Syndecan-4 is a protein that in humans is encoded by the SDC4gene.[1][2] Syndecan-4 is one of the four vertebrate syndecans and has a molecular weight of ~20 kDa. Syndecans are the best-characterized plasma membrane proteoglycans. Their intracellular domain of membrane-spanning core protein interacts with actin cytoskeleton and signaling molecules in the cell cortex. Syndecans are normally found on the cell surface of fibroblasts and epithelial cells. Syndecans interact with fibronectin on the cell surface, cytoskeletal and signaling proteins inside the cell to modulate the function of integrin in cell-matrix adhesion. Also, syndecans bind to FGFs and bring them to the FGF receptor on the same cell. As a co-receptor or regulator, mutated certain proteoglycans could cause severe developmental defects, like disordered distribution or inactivation of signaling molecules.
Syndecans have similar structural features:
Attach to heparan sulfate chains – interacting factors (e.g. Matrix molecules, growth factors, and enzymes)
Chondroitin sulfate chain
Transmembrane domain – self-association
C1 domain – actin-association cytoskeleton
Variable domain – syndecan-specific
C2 domain – attach to PDZ proteins
Syndecans normally form homodimers or multimers. Their biological function includes cell growth regulation, differentiation, and adhesion.
Syndecan-4 has more widespread distribution than other syndecans and it is the only syndecan that has been found consistently in focal adhesions.[3]

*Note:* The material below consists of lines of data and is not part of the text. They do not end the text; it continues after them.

(* Let $N\ge 2$ and let $K=\{x\in\mathbb{R}^N : x_i^2+x_{i+1}^2\le 1\ \text{for all } 1\le i\le N-1\}$. For every subset $I\subset\{2,\dots,N-2\}$ containing no two consecutive integers, let $$K_I=\{x\in K : x_i^2+x_{i+1}^2=1 \text{ for } i\in\{1,\dots,N-1\}\setminus I,\ \ x_i^2+x_{i+1}^2<1\text{ for } i\in I\}.$$ Then the set of extreme points of $K$ is $\bigcup_I K_I$, the union running over all subsets $I\subset\{2,\dots,N-2\}$ with no two consecutive elements. *)

From HB Require Import structures.
From mathcomp Require Import all_boot all_order all_algebra.
From mathcomp Require Import reals.
Set Implicit Arguments. Unset Strict Implicit. Unset Printing Implicit Defensive.
Import Order.TTheory GRing.Theory Num.Theory.
Local Open Scope ring_scope.

(* 0-based coordinate access: coord x i = x_(i+1) in the paper's 1-based
   indexing when i < N, and 0 (irrelevant) otherwise. *)
Definition coord (R : realType) (N : nat) (x : 'rV[R]_N) (i : nat) : R :=
  if insub i is Some j then x ord0 j else 0.

Definition q (R : realType) (N : nat) (x : 'rV[R]_N) (i : nat) : R :=
  coord x i ^+ 2 + coord x i.+1 ^+ 2.

Definition inK (R : realType) (N : nat) (x : 'rV[R]_N) : Prop :=
  forall i : nat, (i.+1 < N)%N -> q x i <= 1.

Definition extreme_point (R : realType) (N : nat) (S : 'rV[R]_N -> Prop)
  (x : 'rV[R]_N) : Prop :=
  S x /\ forall (y z : 'rV[R]_N) (t : R), S y -> S z -> 0 < t -> t < 1 ->
    x = t *: y + (1 - t) *: z -> y = z.

(* Admissible index sets, 0-based: the paper's I ⊂ {2,...,N-2} (1-based pair
   indices) becomes I ⊂ {1,...,N-3}, with no two consecutive elements. *)
Definition admissible (N : nat) (I : nat -> bool) : Prop :=
  (forall i, I i -> (1 <= i)%N /\ (i.+3 <= N)%N) /\
  (forall i, I i -> ~~ I i.+1).

Definition inKI (R : realType) (N : nat) (I : nat -> bool) (x : 'rV[R]_N) : Prop :=
  inK x /\
  forall i : nat, (i.+1 < N)%N ->
    (I i -> q x i < 1) /\ (~~ I i -> q x i = 1).

From Pilot Require Import Defs.
From HB Require Import structures.
From mathcomp Require Import all_boot all_order all_algebra.
From mathcomp Require Import reals.
From mathcomp Require Import ring lra.
Import Order.TTheory GRing.Theory Num.Theory.
Local Open Scope ring_scope.

Set Implicit Arguments.
Unset Strict Implicit.

(* A point x of K is extreme iff every coordinate x_k belongs to a tight pair,
   i.e. one of the pairs (x_(k-1), x_k), (x_k, x_(k+1)) lies on the unit circle.
   If so, strict convexity of the unit disk forces any two points of K whose
   proper convex combination is x to agree with each other on that pair.
   If not, both pairs through x_k have slack and x_k can be moved by a small
   +-d inside K.  Hence the slack pairs of an extreme point form an admissible
   set: the first and last pairs are the only ones through x_1 and x_N, and two
   consecutive slack pairs would free their common coordinate.  Conversely an
   admissible set of slack pairs leaves every coordinate in a tight pair. *)

Lemma disk_boundary_extreme (R : realFieldType) (t a b c d e f : R) :
  0 < t -> t < 1 ->
  c ^+ 2 + d ^+ 2 <= 1 -> e ^+ 2 + f ^+ 2 <= 1 ->
  a = t * c + (1 - t) * e -> b = t * d + (1 - t) * f -> a ^+ 2 + b ^+ 2 = 1 ->
  c = e /\ d = f.
Proof.
move=> t0 t1 hcd hef -> -> hab.
have strict_convexity : t * (1 - t) * ((c - e) ^+ 2 + (d - f) ^+ 2) =
    t * (c ^+ 2 + d ^+ 2) + (1 - t) * (e ^+ 2 + f ^+ 2)
    - ((t * c + (1 - t) * e) ^+ 2 + (t * d + (1 - t) * f) ^+ 2).
  by ring.
have hdist : (c - e) ^+ 2 + (d - f) ^+ 2 <= 0.
  rewrite -(@pmulr_rle0 _ (t * (1 - t))) ?strict_convexity ?hab; nra.
have [hce hdf] : (c - e) ^+ 2 = 0 /\ (d - f) ^+ 2 = 0.
  by have := sqr_ge0 (c - e); have := sqr_ge0 (d - f); lra.
by split; apply/eqP; rewrite -subr_eq0 -sqrf_eq0 ?hce ?hdf.
Qed.

Lemma shift_in_disk (R : realFieldType) (a b s d : R) :
  a ^+ 2 + b ^+ 2 + s <= 1 -> 0 < s -> s <= 1 -> 3 * `|d| <= s ->
  (a + d) ^+ 2 + b ^+ 2 <= 1.
Proof.
move=> h s0 s1; rewrite -ler_pdivlMl // ler_norml => /andP[hdl hdr].
have hb := sqr_ge0 b.
have [ha1 ha2] : a <= 1 /\ -1 <= a by split; nra.
have hd2 : d ^+ 2 <= s / 9 by nra.
have had : 2 * a * d <= 2 * s / 3 by nra.
nra.
Qed.

Section Coordinates.

Variables (R : realType) (N : nat).
Implicit Types (x y : 'rV[R]_N) (i : nat).

Lemma coord_ord x (k : 'I_N) : Defs.coord x k = x ord0 k.
Proof. by rewrite /Defs.coord valK. Qed.

Lemma coord_oob x i : (N <= i)%N -> Defs.coord x i = 0.
Proof. by move=> hi; rewrite /Defs.coord insubF // ltnNge hi. Qed.

Lemma coordD x y i : Defs.coord (x + y) i = Defs.coord x i + Defs.coord y i.
Proof.
have [hi|hi] := ltnP i N; last by rewrite !coord_oob ?addr0.
by rewrite -[i]/(nat_of_ord (Ordinal hi)) !coord_ord mxE.
Qed.

Lemma coordZ (a : R) x i : Defs.coord (a *: x) i = a * Defs.coord x i.
Proof.
have [hi|hi] := ltnP i N; last by rewrite !coord_oob ?mulr0.
by rewrite -[i]/(nat_of_ord (Ordinal hi)) !coord_ord mxE.
Qed.

Lemma coord_delta j (hj : (j < N)%N) i :
  Defs.coord (delta_mx 0 (Ordinal hj)) i = ((i == j)%:R : R).
Proof.
have [hi|hi] := ltnP i N; last first.
  by rewrite coord_oob // gtn_eqF // (leq_trans hj).
by rewrite -[i]/(nat_of_ord (Ordinal hi)) coord_ord mxE.
Qed.

Lemma q_ge0 x i : 0 <= q x i.
Proof. by rewrite addr_ge0 ?sqr_ge0. Qed.

End Coordinates.

Section ExtremePoints.

Variables (R : realType) (N : nat).
Implicit Types (x : 'rV[R]_N) (i j k : nat).

Lemma extreme_point_sym (S : 'rV[R]_N -> Prop) x v :
  extreme_point S x -> S (x + v) -> S (x - v) -> v = 0.
Proof.
move=> [_ ext] hp hm.
have half_gt0 : (0 : R) < 2^-1 by rewrite invr_gt0.
have half_lt1 : (2^-1 : R) < 1 by rewrite invf_lt1 //; lra.
have mid : x = 2^-1 *: (x + v) + (1 - 2^-1) *: (x - v).
  by apply/matrixP => i j; rewrite !mxE; field.
have /matrixP eq_pm := ext _ _ _ hp hm half_gt0 half_lt1 mid.
apply/matrixP => i j; have := eq_pm i j; rewrite !mxE; lra.
Qed.

Lemma extreme_of_tight_cover x : inK x ->
    (forall k, (k < N)%N ->
       exists2 i, (i.+1 < N)%N /\ (k = i \/ k = i.+1) & q x i = 1) ->
  extreme_point (@inK R N) x.
Proof.
move=> hx tight; split=> // y z t hy hz t0 t1 hxyz.
apply/matrixP => a k; rewrite (ord1 a).
have [i [hi hik] hq] := tight k (ltn_ord k).
have coord_comb l : Defs.coord x l = t * Defs.coord y l + (1 - t) * Defs.coord z l.
  by rewrite hxyz coordD !coordZ.
have [eqi eqSi] := disk_boundary_extreme t0 t1 (hy i hi) (hz i hi)
  (coord_comb i) (coord_comb i.+1) hq.
by rewrite -!coord_ord; case: hik => ->.
Qed.

Lemma slack_margin x j : (j < N)%N ->
    (forall i, (i.+1 < N)%N -> j = i \/ j = i.+1 -> q x i < 1) ->
  exists2 s : R, 0 < s <= 1 &
    forall i, (i.+1 < N)%N -> j = i \/ j = i.+1 -> q x i + s <= 1.
Proof.
move=> hj slack.
pose sl : R := if (0 < j)%N then 1 - q x j.-1 else 1.
pose sr : R := if (j.+1 < N)%N then 1 - q x j else 1.
have sl_pos : 0 < sl.
  rewrite /sl; case: ifP => // j_gt0; rewrite subr_gt0.
  by apply: slack; rewrite prednK //; right.
have sr_pos : 0 < sr.
  by rewrite /sr; case: ifP => // hj1; rewrite subr_gt0; apply: slack => //; left.
have sl_le1 : sl <= 1 by rewrite /sl; case: ifP => _; rewrite ?gerBl ?q_ge0.
have sr_le1 : sr <= 1 by rewrite /sr; case: ifP => _; rewrite ?gerBl ?q_ge0.
exists (Num.min sl sr); first by rewrite lt_min sl_pos sr_pos ge_min sl_le1.
move=> i hi [eji|eji]; rewrite -lerBrDl ge_min /sl /sr eji.
- by rewrite hi lexx orbT.
- by rewrite /= lexx.
Qed.

Lemma inK_shift x j (hj : (j < N)%N) (s d : R) : inK x -> 0 < s <= 1 ->
    (forall i, (i.+1 < N)%N -> j = i \/ j = i.+1 -> q x i + s <= 1) ->
    3 * `|d| <= s ->
  inK (x + d *: delta_mx 0 (Ordinal hj)).
Proof.
move=> hx /andP[s_gt0 s_le1] margin hd i hi.
rewrite /q !coordD !coordZ !coord_delta.
have [eqij|_] := eqVneq i j.
  rewrite -eqij gtn_eqF // mulr1n mulr0n mulr1 mulr0 addr0.
  by apply: (shift_in_disk _ s_gt0) => //; apply: margin => //; left.
rewrite mulr0n mulr0 addr0.
have [eqSij|_] := eqVneq i.+1 j; last by rewrite mulr0n mulr0 addr0 hx.
rewrite mulr1n mulr1 addrC; apply: (shift_in_disk _ s_gt0) => //.
by rewrite [_ ^+ 2 + _]addrC; apply: margin => //; right.
Qed.

Lemma free_coord_not_extreme x j : inK x -> (j < N)%N ->
    (forall i, (i.+1 < N)%N -> j = i \/ j = i.+1 -> q x i < 1) ->
  ~ extreme_point (@inK R N) x.
Proof.
move=> hx hj slack ext.
have [s s_range margin] := slack_margin hj slack.
have s_gt0 : 0 < s by case/andP: s_range.
pose e : 'rV[R]_N := delta_mx 0 (Ordinal hj).
have hd : 3 * `|s / 3| <= s by rewrite ger0_norm; lra.
have shift_up : inK (x + (s / 3) *: e) := inK_shift hj hx s_range margin hd.
have shift_down : inK (x + (- (s / 3)) *: e).
  by apply: (inK_shift hj hx s_range margin); rewrite normrN.
rewrite scaleNr in shift_down.
move/matrixP/(_ 0 (Ordinal hj)): (extreme_point_sym ext shift_up shift_down).
by rewrite !mxE !eqxx mulr1; lra.
Qed.

Definition slack_pairs x : nat -> bool := fun i => (i.+1 < N)%N && (q x i < 1).

Lemma inKI_slack_pairs x : inK x -> inKI (slack_pairs x) x.
Proof.
move=> hx; split=> // i hi; rewrite /slack_pairs hi; split=> //=.
by rewrite -leNgt => hq; apply/eqP; rewrite eq_le hx.
Qed.

Lemma admissible_slack_pairs x :
  extreme_point (@inK R N) x -> admissible N (slack_pairs x).
Proof.
move=> ext; have hx := ext.1; split=> i /andP[hi hq].
- split.
    case: i hi hq => // hi hq; exfalso.
    by apply: (free_coord_not_extreme hx (ltnW hi) _ ext) => -[|i] _ [].
  rewrite leqNgt; apply/negP => hlast.
  apply: (free_coord_not_extreme hx hi _ ext) => i' hi' [eqi' | [<-]] //.
  by move: hi' hlast; rewrite -eqi' ltnNge => /negP.
- apply/negP => /andP[hi2 hq2].
  by apply: (free_coord_not_extreme hx hi _ ext) => i' _ [<- | [<-]].
Qed.

Lemma extreme_of_inKI I x : (2 <= N)%N -> admissible N I -> inKI I x ->
  extreme_point (@inK R N) x.
Proof.
move=> hN [I_inner I_sparse] [hx hI]; apply: extreme_of_tight_cover => // -[|k] hk.
  exists 0%N; first by split; [|left].
  by apply: (hI 0%N hN).2; apply/negP => /I_inner[].
case Ik: (I k).
  have [_ hk2] := I_inner k Ik.
  exists k.+1; first by split; [|left].
  by apply: (hI k.+1 hk2).2; apply: I_sparse.
exists k; first by split; [|right].
by apply: (hI k hk).2; rewrite Ik.
Qed.

End ExtremePoints.

Unset Implicit Arguments.

Theorem mainTheorem6 (R : realType) (N : nat) (hN : (2 <= N)%N) (x : 'rV[R]_N) :
  extreme_point (@inK R N) x <-> exists I : nat -> bool, admissible N I /\ inKI I x.
Proof.
split=> [ext | [I [adm hI]]].
- exists (slack_pairs x); split; first exact: admissible_slack_pairs.
  exact: inKI_slack_pairs ext.1.
- exact: extreme_of_inKI hN adm hI.
Qed.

Syndecan-4 is also called ryudocan or amphiglycan. It is found on chromosome 20, while a pseudogene has been found on chromosome 22.[4] Syndecan-4 is one of the four vertebrate syndecans and has a molecular weight of ~20 kDa. It has more widespread distribution than other syndecans, and it is the only syndecan that has been found consistently in focal adhesions.[5]
Function
Syndecan-4 is a transmembrane (type I) heparan sulfate proteoglycan that functions as a receptor in intracellular signaling. The protein is found as a homodimer and is a member of the syndecanproteoglycan family.[4] Syndecan-4 interacts with extracellular matrix, anticoagulants, and growth-factors. It also regulates the actin cytoskeleton, cell adhesion, and cell migration.[6]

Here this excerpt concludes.